1Department of Microbiology, Immunology Programme, Life Science Institute, Yoon Loo Lin School of Medicine, National University of Singapore, Singapore

2Singapore Immunology Network, BMSI, A-STAR, Singapore

3Department of Clinical Research, Singapore General Hospital, Singapore

4Department of Occupational and Environmental Health, Nagoya University Graduate School of Medicine, Nagoya, Japan

5Present address: Institut de Recherches Internationales Servier, Suresnes Cedex, France

*These authors have contributed equally to this work

Correspondence to:

Veronique Angeli, e-mail: [email protected]

Jean-Pierre Abastado, e-mail: [email protected]
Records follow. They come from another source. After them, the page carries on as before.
Lemma mem_sextic_monos_le3 (m : 'X_{1..3}) :
  mdeg m = 6 -> (forall k, m k <= 3)%N -> m \in sextic_monos_le3.
Proof.
have -> : m = m3 (m 0) (m 1) (m 2) by apply/mnmP; apply: ord3_ind.
rewrite mdegE !big_ord_recl big_ord0 /= => deg_m le3.
move: deg_m (le3 0) (le3 1) (le3 2); rewrite /bump /=.
by case: (m 0) => [|[|[|[|?]]]]; case: (m _) => [|[|[|[|?]]]]; case: (m _) => [|[|[|[|?]]]].
Qed.

Lemma inB_unit k : exists p, inB p /\ p =1 (fun l => (l == k)%:R : F).
Proof.
move: k; apply: ord3_ind; [exists (pt 1 0 0) | exists (pt 0 1 0) | exists (pt 0 0 1)];
  by split; [rewrite /inB; constructor | apply: ord3_ind].
Qed.

Lemma inSB_mcoeff_eq0 g m : inSB g -> m \notin sextic_monos_le3 -> g@_m = 0.
Proof.
case=> g_homog g3 m_notin.
have [deg_m|] := eqVneq (mdeg m) 6; last exact: dhomog_nemf_coeff.
have /existsP[k lt3_mk] : [exists k, 3 < m k]%N.
  apply: contraR m_notin => /existsPn le3; apply: mem_sextic_monos_le3 => // k.
  by rewrite leqNgt le3.
have [i [j ->]] := mnm_split_unit (d := 4) deg_m lt3_mk.
have [p [Bp def_p]] := inB_unit k.
apply: (mcoeff_unit_hessian charF0 g_homog).
by rewrite -(meval_eq _ def_p); have [_ _ ->] := g3 p Bp.
Qed.

Lemma inSB_sextic_le3 g : inSB g -> g = sextic_le3 (fun l => g@_l).
Proof.
move=> SBg; apply/mpolyP => m; rewrite raddf_sum /=.
under eq_bigr do rewrite mcoeffZ mcoeffX.
have [m_in|m_notin] := boolP (m \in sextic_monos_le3).
  rewrite (bigD1_seq m) //= eqxx mulr1 big1 ?addr0 // => l /negbTE->.
  by rewrite mulr0.
rewrite (inSB_mcoeff_eq0 SBg m_notin) big1_seq // => l /andP[_ l_in].
by rewrite (negbTE (memPn m_notin l l_in)) mulr0.
Qed.

Lemma hessian_pt111_sum (c : 'X_{1..3} -> F) (s : seq 'X_{1..3}) i j :
  ((\sum_(l <- s) c l *: 'X_[l])^`M(j))^`M(i).@[pt 1 1 1]
  = \sum_(l <- s) c l * ((l j)%:R * ((l - U_(j))%MM i)%:R).
Proof.
elim: s => [|l s IH]; first by rewrite !big_nil !mderiv0 meval0.
rewrite !big_cons !mderivD mevalD IH; congr (_ + _).
rewrite !(mderivZ, mderivX, mevalZ, mevalX) big1 ?mulr1 ?mulrA // => k _.
have -> : pt 1 1 1 k = 1 by move: k; apply: ord3_ind.
exact: expr1n.
Qed.

Lemma sextic_le3_cubicB (c : 'X_{1..3} -> F) :
  (forall i j, ((sextic_le3 c)^`M(j))^`M(i).@[pt 1 1 1] = 0) ->
  sextic_le3 c = cubicB (c (m3 0 3 3)) (c (m3 1 2 3)) (c (m3 2 1 3)) (c (m3 3 0 3)).
Proof.
move=> hess0; pose H i j := ((sextic_le3 c)^`M(j))^`M(i).@[pt 1 1 1].
have by_hessian (x y l00 l11 l22 l01 l02 l12 : F) : x *+ 30 = y *+ 30
    + (l00 * H 0 0 + l11 * H 1 1 + l22 * H 2 2 + l01 * H 0 1 + l02 * H 0 2 + l12 * H 1 2) ->
    x = y.
  rewrite /H !hess0 !mulr0 !addr0 => /eqP; rewrite -subr_eq0 -mulrnBl.
  by move=> /eqP/(mulrnS_eq0 charF0)/eqP; rewrite subr_eq0 => /eqP.
rewrite /H /sextic_le3 !hessian_pt111_sum /sextic_monos_le3 !big_cons !big_nil in by_hessian.
rewrite !mnmBE !mnm1E !m3E /= ?subn0 ?subn1 /= in by_hessian.
(* Each multiplier vector is 30 times a row of the inverse of the 6x6 matrix of
   Hessian entries in the six coefficients eliminated below. *)
have r330 : c (m3 3 3 0) = - c (m3 0 3 3) - c (m3 1 2 3) - c (m3 2 1 3) - c (m3 3 0 3).
  by apply: (by_hessian _ _ 1 1 10 2 (-4) (-4)); ring.
have r132 : c (m3 1 3 2) = - 3 * c (m3 0 3 3) - c (m3 1 2 3).
  by apply: (by_hessian _ _ 6 3 3 (-6) (-6) 6); ring.
have r231 : c (m3 2 3 1) = 3 * c (m3 0 3 3) + 2 * c (m3 1 2 3) + c (m3 2 1 3).
  by apply: (by_hessian _ _ (-6) 6 (-12) 0 12 (-6)); ring.
have r312 : c (m3 3 1 2) = - 3 * c (m3 3 0 3) - c (m3 2 1 3).
  by apply: (by_hessian _ _ 3 6 3 (-6) 6 (-6)); ring.
have r321 : c (m3 3 2 1) = 3 * c (m3 3 0 3) + c (m3 1 2 3) + 2 * c (m3 2 1 3).
  by apply: (by_hessian _ _ 6 (-6) (-12) 0 (-6) 12); ring.
have r222 : c (m3 2 2 2) = - 2 * c (m3 1 2 3) - 2 * c (m3 2 1 3).
  by apply: (by_hessian _ _ (-9) (-9) 9 12 0 0); ring.
have X_m3 a b d : 'X_[m3 a b d] = x1 F ^+ a * x2 F ^+ b * x3 F ^+ d.
  rewrite /x1 /x2 /x3 !mpolyXn -!mpolyXD; congr 'X_[_]; apply/mnmP => i.
  by rewrite m3E !mnmDE !mulmnE !mnm1E; move: i; apply: ord3_ind => /=; lia.
rewrite /sextic_le3 /sextic_monos_le3 !big_cons !big_nil !X_m3 r330 r132 r231 r312 r321 r222.
by rewrite /cubicB /sB /tB -!mul_mpolyC; ring.
Qed.

Lemma inSB_cubicBP g : inSB g <-> exists c0 c1 c2 c3, g = cubicB c0 c1 c2 c3.
Proof.
split=> [SBg|[c0 [c1 [c2 [c3 ->]]]]]; last exact: inSB_cubicB.
have [_ g3] := SBg; have B111 : inB (pt 1 1 1 : 'I_3 -> F) by constructor 4.
do 4!eexists; rewrite {1}(inSB_sextic_le3 SBg).
apply: sextic_le3_cubicB => i j.
by rewrite -(inSB_sextic_le3 SBg); have [_ _ ->] := g3 _ B111.
Qed.

End CubicsB.

Section Splitting.
Variable F : closedFieldType.

Lemma binary_quadratic_split (d0 d1 d2 : F) : exists a b e0 e1 : F,
  [/\ d0 = a * e0, d1 = a * e1 + b * e0 & d2 = b * e1].
Proof.
have [->|d0_neq0] := eqVneq d0 0; first by exists 0, 1, d1, d2; split; ring.
(* [r] is a root of d0 X^2 + d1 X + d2, so [s - r t] divides the form. *)
have [r root_r] := @solve_monicpoly F 2 (fun i => - [:: d2; d1]`_i / d0) isT.
move: root_r; rewrite !big_ord_recr big_ord0 /= => root_r.
have d0r2 : d0 * r ^+ 2 = - d2 - d1 * r by rewrite root_r; field.
exists 1, (- r), d0, (d1 + r * d0); split; try ring.
have -> : - r * (d1 + r * d0) = - d1 * r - d0 * r ^+ 2 by ring.
by rewrite d0r2; ring.
Qed.

Lemma binary_cubic_split (c0 c1 c2 c3 : F) : exists a b d0 d1 d2 : F,
  [/\ c0 = a * d0, c1 = a * d1 + b * d0, c2 = a * d2 + b * d1 & c3 = b * d2].
Proof.
have [->|c0_neq0] := eqVneq c0 0; first by exists 0, 1, c1, c2, c3; split; ring.
have [r root_r] := @solve_monicpoly F 3 (fun i => - [:: c3; c2; c1]`_i / c0) isT.
move: root_r; rewrite !big_ord_recr big_ord0 /= => root_r.
have c0r3 : c0 * r ^+ 3 = - c3 - c2 * r - c1 * r ^+ 2 by rewrite root_r; field.
exists 1, (- r), c0, (c1 + r * c0), (c2 + r * (c1 + r * c0)); split; try ring.
have -> : - r * (c2 + r * (c1 + r * c0)) = - c2 * r - c1 * r ^+ 2 - c0 * r ^+ 3 by ring.
by rewrite c0r3; ring.
Qed.

Lemma cubicB_split (c0 c1 c2 c3 : F) : exists a0 b0 a1 b1 a2 b2 : F,
  cubicB c0 c1 c2 c3 = linB a0 b0 * linB a1 b1 * linB a2 b2.
Proof.
have [a0 [b0 [d0 [d1 [d2 [-> -> -> ->]]]]]] := binary_cubic_split c0 c1 c2 c3.
have [a1 [b1 [e0 [e1 [-> -> ->]]]]] := binary_quadratic_split d0 d1 d2.
exists a0, b0, a1, b1, e0, e1.
by rewrite /cubicB /linB -!mul_mpolyC; ring.
Qed.

End Splitting.

Section Fibres.
Variable F : fieldType.
Hypothesis charF0 : [pchar F] =i pred0.
Local Notation P := {mpoly F[3]}.
Implicit Types (q : P) (v : 'I_3 -> F).

Lemma linB_zero_witness a b : (a != 0) || (b != 0) ->
  exists v, (linB a b).@[v] = 0 /\ ((sB.@[v] != 0) || (tB.@[v] != 0)).
Proof.
move=> ab_neq0; have [<-|neq_ab] := eqVneq a b.
  exists (pt 3 6 4); rewrite meval_linB meval_sB meval_tB /pt /=; split; first ring.
  by rewrite (_ : 6 * (4 - 3) = 5.+1%:R) ?(natr_neq0 charF0 5) //; ring.
(* [1 : y : 2] lies on the conic a s + b t = 0 and has s + t = 2 there, so s and t
   do not both vanish. *)
pose y := - 2 * b / (a - b); have ab_neq0' : a - b != 0 by rewrite subr_eq0.
exists (pt 1 y 2); rewrite meval_linB meval_sB meval_tB /pt /=; split; first by rewrite /y; field.
rewrite -negb_and; apply: contra (natr_neq0 charF0 1) => /andP[/eqP s0 /eqP t0].
have -> : (1.+1%:R : F) = y * (2 - 1) + 1 * (2 - y) by ring.
by rewrite s0 t0 addr0.
Qed.

Lemma orthogonal_proportional (a b c d s t : F) :
  (c != 0) || (d != 0) -> (s != 0) || (t != 0) ->
  a * s + b * t = 0 -> c * s + d * t = 0 -> exists l, a = l * c /\ b = l * d.
Proof.
move=> cd_neq0 st_neq0 ab_st cd_st.
have det0 : a * d = b * c.
  apply/eqP; rewrite -subr_eq0; case/orP: st_neq0 => [s_neq0|t_neq0].
    have : s * (a * d - b * c) = d * (a * s + b * t) - b * (c * s + d * t) by ring.
    by rewrite ab_st cd_st !mulr0 subrr => /eqP; rewrite mulf_eq0 (negbTE s_neq0).
  have : t * (a * d - b * c) = a * (c * s + d * t) - c * (a * s + b * t) by ring.
  by rewrite ab_st cd_st !mulr0 subrr => /eqP; rewrite mulf_eq0 (negbTE t_neq0).
case/orP: cd_neq0 => [c_neq0|d_neq0].
  exists (a / c); split; first by field.
  by apply: (mulIf c_neq0); rewrite -det0; field.
exists (b / d); split; last by field.
by apply: (mulIf d_neq0); rewrite det0; field.
Qed.

Lemma inQB_zero_witness q' : inQB q' -> q' != 0 -> exists v, q'.@[v] = 0 /\
  forall q, inQB q -> q != 0 -> q.@[v] = 0 -> proportional q' q.
Proof.
case/inQB_linB => a [b ->]; rewrite linB_eq0 negb_and => ab_neq0.
have [v [ab_v st_neq0]] := linB_zero_witness ab_neq0.
exists v; split=> // _ /inQB_linB[c [d ->]]; rewrite linB_eq0 negb_and => cd_neq0 cd_v.
rewrite !meval_linB in ab_v cd_v.
have [l [def_a def_b]] := orthogonal_proportional cd_neq0 st_neq0 ab_v cd_v.
exists l; split; last by rewrite /linB scalerDr !scalerA def_a def_b.
by apply: contraTneq ab_neq0 => l0; rewrite def_a def_b l0 !mul0r eqxx.
Qed.

Lemma proportional_cancel (p q X Y : P) k : k != 0 -> p != 0 ->
  proportional p q -> p * X = k *: (q * Y) -> proportional X Y.
Proof.
move=> k_neq0 p_neq0 [c [c_neq0 def_p]] eq_pq.
have q_neq0 : q != 0 by apply: contraNneq p_neq0 => q0; rewrite def_p q0 scaler0.
exists (k / c); split; first by rewrite mulf_neq0 ?invr_eq0.
apply: (mulfI q_neq0); rewrite -scalerAr; apply: (scalerI c_neq0).
by rewrite scalerA mulrCA divff // mulr1 scalerAl -def_p.
Qed.

Lemma mul2_fibre q1' q2' q1 q2 k :
  inQB q1' -> q1' != 0 -> inQB q1 -> q1 != 0 -> inQB q2 -> q2 != 0 -> k != 0 ->
  q1' * q2' = k *: (q1 * q2) ->
  (proportional q1' q1 /\ proportional q2' q2) \/
  (proportional q1' q2 /\ proportional q2' q1).
Proof.
move=> Qq1' q1'_neq0 Qq1 q1_neq0 Qq2 q2_neq0 k_neq0 eq_q.
have [v [q1'_v match_v]] := inQB_zero_witness Qq1' q1'_neq0.
have /eqP : k * (q1 * q2).@[v] = 0 by rewrite -mevalZ -eq_q mevalM q1'_v mul0r.
rewrite mulf_eq0 (negbTE k_neq0) mevalM mulf_eq0 /= => /orP[] /eqP q_v.
  have p1 := match_v _ Qq1 q1_neq0 q_v.
  by left; split=> //; apply: proportional_cancel k_neq0 q1'_neq0 p1 eq_q.
have p2 := match_v _ Qq2 q2_neq0 q_v.
right; split=> //; apply: proportional_cancel k_neq0 q1'_neq0 p2 _.
by rewrite eq_q mulrC.
Qed.

Lemma mul3_perm (q : 'I_3 -> P) (s : 'S_3) :
  q (s 0) * q (s 1) * q (s 2) = q 0 * q 1 * q 2.
Proof.
have prod3 (f : 'I_3 -> P) : \prod_(i < 3) f i = f 0 * f 1 * f 2.
  rewrite !big_ord_recr big_ord0 /= mul1r.
  by congr (f _ * f _ * f _); apply/val_inj.
rewrite -prod3 -(prod3 (fun i => q (s i))).
exact/esym/(reindex_inj (@perm_inj _ s)).
Qed.

Lemma mul3_fibre (q q' : 'I_3 -> P) k :
  (forall i, inQB (q i) /\ q i != 0) -> (forall i, inQB (q' i) /\ q' i != 0) ->
  k != 0 -> q' 0 * q' 1 * q' 2 = k *: (q 0 * q 1 * q 2) ->
  exists s : 'S_3, forall i, proportional (q' i) (q (s i)).
Proof.
move=> Qq Qq' k_neq0 eq_q; have [Qq'0 q'0_neq0] := Qq' 0.
have [v [q'0_v match_v]] := inQB_zero_witness Qq'0 q'0_neq0.
have [i q_i_v] : exists i, (q i).@[v] = 0.
  have /eqP : k * (q 0 * q 1 * q 2).@[v] = 0.
    by rewrite -mevalZ -eq_q !mevalM q'0_v !mul0r.
  rewrite mulf_eq0 (negbTE k_neq0) !mevalM !mulf_eq0 /= -orbA.
  by case/or3P=> /eqP q_v; [exists 0 | exists 1 | exists 2].
(* Reordering q by the transposition (0 i) puts the factor matched with q' 0
   first, where it can be cancelled. *)
pose r j := q (tperm 0 i j).
have p0 : proportional (q' 0) (r 0).
  by rewrite /r tpermL; apply: match_v q_i_v; case: (Qq i).
have [c [c_neq0 eq_r]] : proportional (q' 1 * q' 2) (r 1 * r 2).
  apply: proportional_cancel k_neq0 q'0_neq0 p0 _.
  by rewrite mulrA eq_q /r -(mul3_perm q (tperm 0 i)) mulrA.
have [Qr1 r1_neq0] := Qq (tperm 0 i 1); have [Qr2 r2_neq0] := Qq (tperm 0 i 2).
have [Qq'1 q'1_neq0] := Qq' 1.
case: (mul2_fibre Qq'1 q'1_neq0 Qr1 r1_neq0 Qr2 r2_neq0 c_neq0 eq_r) => [[p1 p2]|[p1 p2]].
  by exists (tperm 0 i); apply: ord3_ind.
exists (tperm 1%R 2%R * tperm 0 i)%g; apply: ord3_ind; rewrite permM.
- by rewrite [tperm 1%R 2%R 0]tpermD.
- by rewrite [tperm 1%R 2%R 1]tpermL.
- by rewrite [tperm 1%R 2%R 2]tpermR.
Qed.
Keywords: lymphadenectomy, uveal melanoma, inflammation

Received: July 10, 2015     Accepted: October 23, 2015     Published: November 02, 2015


Resection of infiltrated tumor-draining lymph nodes (TDLNs) is a standard practice for the treatment of several cancers including breast cancer and melanoma. However, many randomized prospective trials have failed to show convincing clinical benefits associated with LN removal and the role of TDLNs in cancer dissemination is poorly understood. Here, we found in a well-characterized spontaneous mouse model of uveal melanoma that the growth of the primary tumor was accompanied by increased lymphangiogenesis and cancer cell colonization in the LNs draining the eyes. But, unexpectedly, early resection of the TDLNs increased the growth of the primary tumor and associated blood vessels as well as promoted cancer cell survival and dissemination. These effects were accompanied by increased tumor cell proliferation and expression of phosphorylated AKT. Topical application of a broad anti-inflammatory agent, Tobradex, or an oral treatment with cyclooxygenase-2 specific inhibitor, Celecoxib, reversed tumor progression observed after complete lymphadenectomy. Our study confirms the importance of tumor homeostasis in cancer progression by showing the enhancing effects of TDLN removal on tumor growth and cancer cell dissemination, and suggests that TDLN resection may only be beneficial if used in combination with anti-inflammatory drugs such as Tobradex and Celecoxib.